Table 1: Baseline characteristics of the included studies
Study ID	Country	Design	Sample size	Specimen	Age, mean (SD)	Male, n (%)
Mathias et al., 2010 (25)	Brazil	In-vitro	40	Composite with smooth or texturized surface	NA	NA
Mathias et al., 2018 (31)	Brazil	In-vitro	64	Nanocomposite	NA	NA
Mousdraka et al., 2025 (26)	Greece	In-vitro	20	UDMA-based dental composite resins	NA	NA
Schelkopf et al., 2022 (27)	USA	In-vitro	100	Computer-aided design/computer-aided manufacturing (CAD/CAM) restorative materials	NA	NA
Taraboanta et al., 2020 (30)	Romania	In-vitro	75	Extracted teeth	NA	NA
Vohra et al., 2020 (22)	Saudi Arabia	In-vitro	60	Dental restorative materials	NA	NA
Wasilewski et al., 2010 (23)	Brazil	In-vitro	10	Dental composites	NA	NA
Zhao 2017 (13)	USA	In-vitro	20	Dental resin composites	NA	NA
Alandia-Roman et al., 2013 (24)	Brazil	In-vitro	3	Dental composites	NA	NA
Gömleksiz and Okumuş 2025 (29)	Turkey	In-vitro	72	Stained resin composite	NA	NA
Hmood et al., 2025 (28)	Egypt	In-vitro	36	Dental restorative materials	NA	NA
Ibrahim et al., 2025 (21)	Saudi Arabia	In-vitro	10	Restorative materials and dental enamel	NA	NA
Lempel et al., 2017 (20)	Hungary	Clinical study	65	Anterior direct resin-based composite	25.2	25 (38.5)

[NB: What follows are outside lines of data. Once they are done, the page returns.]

(* If some element of V has non-zero i-th coordinate, some vd in V has a
   positive i-th coordinate dividing that of every element of V (take it
   minimal and divide with remainder). *)
Lemma zsubgroup_coordinate_gcd V i : zsubgroup V -> (exists v, V v /\ v i <> 0%Z) ->
  exists vd, V vd /\ (0 < vd i)%Z /\ forall v, V v -> exists q, v i = (q * vd i)%Z.
Proof.
  intros HV [v0 [Hv0 Hn0]]. pose proof HV as (_ & Vadd & Vneg).
  set (Pk := fun k : nat => exists v, V v /\ v i = Z.of_nat (S k)).
  assert (Hne : exists k, Pk k).
  { destruct (Z_lt_le_dec 0 (v0 i)).
    - exists (Z.to_nat (v0 i - 1)), v0. split; auto. lia.
    - exists (Z.to_nat (- v0 i - 1)), (vneg v0). split; auto. unfold vneg. lia. }
  destruct (dec_inh_nat_subset_has_unique_least_element Pk (fun k => classic (Pk k)) Hne)
    as [k0 [[[vd [Hvd Evd]] Hmin] _]].
  exists vd. split; [auto|split; [lia|]]. intros v Hv.
  exists (v i / vd i)%Z.
  set (u := vadd (smul (- (v i / vd i)) vd) v).
  assert (Hu : V u) by (apply Vadd; auto; now apply zsubgroup_smul).
  assert (Eu : u i = (v i mod vd i)%Z).
  { unfold u, vadd, smul. rewrite (Z.div_mod (v i) (vd i)) at 2 by lia. lia. }
  assert (Hr := Z.mod_pos_bound (v i) (vd i) ltac:(lia)).
  destruct (Z.eq_dec (v i mod vd i) 0) as [Hr0|Hr0].
  - rewrite (Z.div_mod (v i) (vd i)) at 1 by lia. lia.
  - exfalso. assert (Hk : Pk (Z.to_nat (u i - 1))) by (exists u; split; auto; lia).
    apply Hmin in Hk. lia.
Qed.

Discoloration of Resin-Based Composites and Ceramics Following Smoke Exposure

Studies investigating the effect of smoking and nicotine exposure on dental materials consistently show that resin-based composites are highly susceptible to discoloration. Vohra et al. (22) reported a dramatic color change in composites exposed to conventional cigarette smoke (ΔE = 42.87), whereas ceramics exhibited minimal changes (ΔE = 2.42), highlighting that resin materials are particularly prone to staining. Similarly, Mathias et al. (25) observed that both smooth and texturized resin-based composites darkened (decrease in L*) and became more yellow (increase in b*) after tobacco smoke exposure, and although repolishing reduced the discoloration, baseline color was not fully restored. Zhao et al. (13) further confirmed that conventional cigarette smoke caused significantly greater color change (ΔE = 27.1 ± 3.6) compared to heated tobacco aerosols (ΔE = 3.9 ± 1.5), indicating that the type of tobacco product strongly influences the extent of staining.

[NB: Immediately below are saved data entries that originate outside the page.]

(* For every base $\mathscr{B}$, finite multisets of atoms $P=[p_1,\dots,p_n]$ and $S$, and atom $q$, the following are equivalent: (1) $P,S\vdash_{\mathscr{B}}q$; (2) for every base $\mathscr{X}\supseteq\mathscr{B}$ and all finite multisets of atoms $T_1,\dots,T_n$, if $T_i\vdash_{\mathscr{X}}p_i$ for all $i=1,\dots,n$, then $T_1,\dots,T_n,S\vdash_{\mathscr{X}}q$.
   Context: Fix a countably infinite set $\mathbb{A}$ of atoms; multisets are finite and ''$,$'' denotes multiset union. An atomic rule is $(P_1\triangleright p_1,\dots,P_n\triangleright p_n)\Rightarrow p$ ($n\ge0$) with $P_i$ finite multisets of atoms and $p_i,p$ atoms; a base is a set of atomic rules, and $\mathscr{X}\supseteq\mathscr{B}$ means $\mathscr{X}$ contains all rules of $\mathscr{B}$. Derivability $\vdash_{\mathscr{B}}$ is the least relation between finite multisets of atoms and atoms such that (Ref) $[p]\vdash_{\mathscr{B}}p$; (App) if $(P_1\triangleright p_1,\dots,P_n\triangleright p_n)\Rightarrow p\in\mathscr{B}$ and $S_i,P_i\vdash_{\mathscr{B}}p_i$ for $i=1,\dots,n$, then $S_1,\dots,S_n\vdash_{\mathscr{B}}p$. *)

From mathcomp Require Import all_boot finmap multiset.
Set Implicit Arguments. Unset Strict Implicit. Unset Printing Implicit Defensive.
Local Open Scope fset_scope.
Local Open Scope mset_scope.

Definition atom := nat.
Definition mctx := {mset atom}.

(* An atomic rule (P_1 |> p_1, ..., P_n |> p_n) => p :
   a list of premises (P_i, p_i) and a conclusion p. *)
Definition rule := (seq (mctx * atom) * atom)%type.

Definition base := rule -> Prop.

Definition base_ext (X B : base) : Prop := forall r, B r -> X r.

Definition msum (Ss : seq mctx) : mctx := foldr (fun A B => A `+` B) mset0 Ss.

Inductive derivable (B : base) : mctx -> atom -> Prop :=
| der_ref (p : atom) : derivable B [mset p] p
| der_app (prems : seq (mctx * atom)) (p : atom) (Ss : seq mctx) :
    B (prems, p) ->
    size Ss = size prems ->
    (forall i, i < size prems ->
       derivable B (nth mset0 Ss i `+` (nth (mset0, 0) prems i).1)
                   (nth (mset0, 0) prems i).2) ->
    derivable B (msum Ss) p.

From mathcomp Require Import all_boot finmap multiset.
Set Implicit Arguments. Unset Strict Implicit.
Local Open Scope fset_scope.
Local Open Scope mset_scope.

(* Both directions rest on two structural properties of |-:
   - monotonicity: a derivation in B is a derivation in any X extending B
     (a rule of B is a rule of X);
   - cut admissibility: from p,G |-_X q and T |-_X p we get G,T |-_X q,
     proved by induction on the first derivation, the cut atom p being
     pushed into the premise S_j of the rule application that contains it.
   Iterating cut over the atoms of P (multicut) gives (1) => (2).
   For (2) => (1) take X := B and T_i := [p_i], derived by (Ref); the union
   of these singletons is P itself. *)

Lemma seq_mset_nil : seq_mset [::] = mset0 :> mctx.
Proof. by rewrite -enum_mset0 seq_mset_id. Qed.

Lemma mem_msum (Ss : seq mctx) (a : atom) :
  a \in msum Ss -> exists2 j, j < size Ss & a \in nth mset0 Ss j.
Proof.
elim: Ss => [|A Ss IH] /=; first by rewrite in_mset0.
case/msetDP => [aA | /IH [j lt_j aSj]]; first by exists 0.
by exists j.+1.
Qed.

Lemma msum_set_nth (Ss : seq mctx) (j : nat) (A : mctx) : j < size Ss ->
  msum (set_nth mset0 Ss j A) `+` nth mset0 Ss j = msum Ss `+` A.
Proof.
elim: Ss j => [|C Ss IH] [|j] //= lt_j.
  by rewrite [LHS]msetDC msetDA msetDAC.
by rewrite -msetDA IH // msetDA.
Qed.

Lemma msum_singletons (P : seq atom) :
  msum [seq [mset p] | p <- P] = seq_mset P.
Proof.
elim: P => [|p P IH] /=; first by rewrite seq_mset_nil.
by rewrite IH mset_cons.
Qed.

Lemma derivable_mono (B X : base) (G : mctx) (q : atom) :
  base_ext X B -> derivable B G q -> derivable X G q.
Proof.
move=> XB; elim=> [p|prems p Ss Brule size_Ss _ IH]; first exact: der_ref.
by apply: der_app (XB _ Brule) size_Ss _ => i lt_i; apply: IH.
Qed.

Lemma ref_context (p q : atom) (G : mctx) :
  p +` G = [mset q] -> p = q /\ G = mset0.
Proof.
move=> E; have /mset1P p_q : p \in [mset q] by rewrite -E mset1D1.
by split=> //; rewrite -(msetD1K p G) E p_q msetBxx.
Qed.

Lemma derivable_cut (X : base) (p q : atom) (G T : mctx) :
  derivable X (p +` G) q -> derivable X T p -> derivable X (G `+` T) q.
Proof.
move=> D DT; move E: (p +` G) D => Delta D; elim: D G E.
  move=> q' G /ref_context [<- ->]; by rewrite mset0D.
move=> prems q' Ss Xrule size_Ss Dprem IH G E.
have [j lt_j pSj] : exists2 j, j < size Ss & p \in nth mset0 Ss j.
  by apply: mem_msum; rewrite -E mset1D1.
set R := nth mset0 Ss j `\ p.
have Sj_eq : nth mset0 Ss j = p +` R by rewrite msetB1K.
(* the cut happens inside the j-th context, which becomes R,T *)
have -> : G `+` T = msum (set_nth mset0 Ss j (R `+` T)).
  apply: (can_inj (msetDKBC (nth mset0 Ss j))).
  rewrite msum_set_nth // -E Sj_eq.
  by rewrite msetDACA [G `+` _]msetDC [T `+` _]msetDC.
apply: der_app Xrule _ _; first by rewrite size_set_nth (maxn_idPr lt_j).
move=> i lt_i; rewrite nth_set_nth /=; case: eqP => [->|_]; last exact: Dprem.
rewrite msetDAC; apply: IH; first by rewrite -size_Ss.
by rewrite Sj_eq msetDA.
Qed.

(* Multicut: all atoms of P can be replaced simultaneously by derivations;
   by induction on P, cutting the first atom p_1 moves T_1 into the side
   context S. *)
Lemma derivable_multicut (X : base) (P : seq atom) (S : mctx) (q : atom)
    (Ts : seq mctx) :
  derivable X (seq_mset P `+` S) q ->
  size Ts = size P ->
  (forall i, i < size P -> derivable X (nth mset0 Ts i) (nth 0 P i)) ->
  derivable X (msum Ts `+` S) q.
Proof.
elim: P S Ts => [|p P IH] S [|T Ts] //=.
  by rewrite seq_mset_nil.
move=> D [size_Ts] DTs.
have D' : derivable X (seq_mset P `+` (S `+` T)) q.
  rewrite msetDA; apply: derivable_cut (DTs 0 isT).
  by rewrite msetDA -mset_cons.
rewrite -msetDA msetDC -msetDA.
by apply: IH D' size_Ts _ => i; apply: DTs i.+1.
Qed.

Theorem proposition2 (B : base) (P : seq atom) (S : mctx) (q : atom) :
  derivable B (seq_mset P `+` S) q <->
  (forall (X : base), base_ext X B ->
     forall (Ts : seq mctx), size Ts = size P ->
       (forall i, i < size P -> derivable X (nth mset0 Ts i) (nth 0 P i)) ->
       derivable X (msum Ts `+` S) q).
Proof.
split=> [D X XB Ts size_Ts DTs | H].
  exact: derivable_multicut (derivable_mono XB D) size_Ts DTs.
(* instantiate X := B and T_i := [p_i], each derived by (Ref) *)
rewrite -msum_singletons; apply: H => [r Br //||i lt_i]; first by rewrite size_map.
by rewrite (nth_map 0) //; apply: der_ref.
Qed.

Nicotine exposure also contributes to discoloration, with resin-modified glass ionomers (RMGI) showing the highest color change under nicotine (Ibrahim et al., (21)). Mousdraka et al. (26) demonstrated that conventional smoke induced pronounced shifts in color parameters (ΔL* −17.74, Δa* +3.81, Δb* +14.49), whereas heated aerosols caused smaller or even opposite effects, suggesting that newer tobacco alternatives may be less staining.

Polishing after smoke exposure can partially reverse discoloration but is generally insufficient to restore the original color completely. Taraboanta et al. (30) reported that ΔE values decreased after polishing but remained higher than baseline for all tested materials, indicating that the effect of smoke is partly permanent, especially in highly stained composites.

Other materials, such as ceramics and PMMA, are more resistant to smoke-induced color change. Schelkopf et al. (27) found that PMMA exhibited lower ΔE than lithium disilicate and zirconia, although brushing contributed to some discoloration across all tested materials. Comparisons with other staining agents further emphasize the potent effect of tobacco; for example, Gömleksiz et al. (29) showed that cigarette smoke caused significantly greater color change than coffee, and Wasilewski et al. (2010) highlighted that most composites exceeded the clinically perceptible threshold (ΔE > 3.3), with translucent shades being especially prone to staining.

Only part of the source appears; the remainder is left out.